Recently, an increasing number of analysts and speculators are claiming that Bitcoin will be suffering a great fall. It started at the ending of December, with a 30% price drop, getting to the price of $13,248.
Some financial analysts are saying that this decline of the price is not to be taken seriously, because it is not the first time when Bitcoin is acting this way. They also claim these fluctuations are just stepping stones to a major increase.
David Alan Stockman, former Director of the Office of Management and Budget and Wall Street bear has stated that the Bitcoin fever is fueled by ‘stupid speculators’ and that this ‘Bitcoin bubble’ will conclude in a disastrous ending.
Invited on CNBC’s Futures Now , he also said that it will all burn down in a major crash and that all these speculators will ‘burn their hands’ and maybe learn a lesson. This recent profecy isn’t exclusively related to cryptocurrency market but to stock market as well.
In September 2017, Stockman was warning the investors that a correction between 40% – 70% is very close and high-probable to happen. He added that this market is an irrational one, overheated by the multitude of diehard traders.

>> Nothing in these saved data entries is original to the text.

(* The generic point of an irreducible closed set [C = Y \ phiY c] is the
   completely prime filter of the elements not below [c]. *)
Lemma YL_sober : sober Yo.
Proof.
  intros C HC. destruct (YL_open_phiY _ (proj1 HC)) as [c Hc].
  assert (HCc : C = setC (phiY c)) by (rewrite <- Hc, setCC; reflexivity).
  rewrite HCc in HC |- *. clear C Hc HCc.
  set (P := fun a => ~ a ≤ c).
  assert (Hcp : completely_prime L P).
  { intros S HS. apply NNPP. intro H. apply HS. apply fsup_least. intros s Ss.
    apply NNPP. intro. apply H. eauto. }
  set (xP := exist _ P (not_below_prime_filter c HC) : X).
  set (y := exist _ xP (proj2 (spatial_pt_iff L xP) Hcp) : Y).
  assert (Hseq : seteq (setC (phiY c)) (closure Yo (fun z => z = y))).
  { intro z. rewrite closure_point_iff. split.
    - intros Hz a Ha Hac. apply Hz. eapply ypt_up; eauto.
    - intros H Hz. apply (H c Hz). apply fle_refl. }
  exists y. split; auto.
  intros x' Hx'. apply YL_ext. intro a.
  assert (Cy : setC (phiY c) y) by (apply Hseq, closure_point_iff; auto).
  assert (Cx : setC (phiY c) x') by (apply Hx', closure_point_iff; auto).
  apply Hx' in Cy. apply Hseq in Cx. rewrite closure_point_iff in Cy, Cx. split; auto.
Qed.

Theorem spectral_space_iff :
  spectral_space Yo <-> compact_meet_closed L /\ fcompact L ⊤.
Proof.
  split.
  - intros [_ [Hcpt [_ [_ Hint]]]]. split.
    + intros k1 k2 H1 H2. apply compact_phiY_iff. rewrite phiY_meet.
      apply Hint; (split; [apply phiY_open|apply compact_phiY_iff; auto]).
    + apply compact_phiY_iff. rewrite phiY_top. apply Hcpt.
  - intros [Hm Ht]. split; [apply YL_topology|split; [|split; [apply YL_sober|split]]].
    + unfold compact_space. rewrite <- phiY_top. apply compact_phiY_iff. exact Ht.
    + intros U y HU Uy. destruct (YL_open_phiY U HU) as [a ->].
      assert (H : ypt y (fsup L (fun b => fcompact L b /\ b ≤ a)))
        by (rewrite <- (alg a); exact Uy).
      destruct (ypt_completely_prime y _ H) as [k [[Hk Hka] Hyk]].
      exists (phiY k). split; [split; [apply phiY_open|apply compact_phiY_iff; auto]|].
      split; auto. intros z Hz. eapply ypt_up; eauto.
    + intros K1 K2 [HK1 CK1] [HK2 CK2].
      destruct (YL_open_phiY _ HK1) as [a1 ->], (YL_open_phiY _ HK2) as [a2 ->].
      rewrite <- phiY_meet. apply compact_phiY_iff.
      apply Hm; apply compact_phiY_iff; auto.
Qed.

End Algebraic.
End SpatialPart.

Theorem theorem5p8 (L : Frame) :
  algebraic_frame L ->
  (coherent_frame L <-> coherent_L_space (@XL_open L) (@XL_le L)) /\
  (coherent_L_space (@XL_open L) (@XL_le L) <-> spectral_space (@YL_open L)).
Proof.
  intro alg.
  rewrite (coherent_L_space_iff L alg), (spectral_space_iff L alg),
    <- (way_below_stable_iff L alg).
  unfold coherent_frame, arithmetic_frame, way_below_stable. tauto.
Qed.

In the past two years, the price of Bitcoin has met an incredible growth of 3000%. The price swings has raised many arguments on Wall Street regarding the real value of Bitcoin. The cryptocurrency has split the analysts into two ‘camps’. Some of them think that the value of Bitcoin is overrated and a bit extreme. The other part of analysts like Mike Novogratz and McAfee think that the value of the virtual coin could reach the number of hundreds of thousands.
Altcoins such as Ripple, Litecoin and Ethereum have also increased lately. Stockman hasn’t labeled the coins in any way and he concluded that the coins might double in price size but might reach the zero value also. The virtual coins are not real money because real money used in real transactions have one characteristic that cryptocurrencies don’t possess : ‘stability’.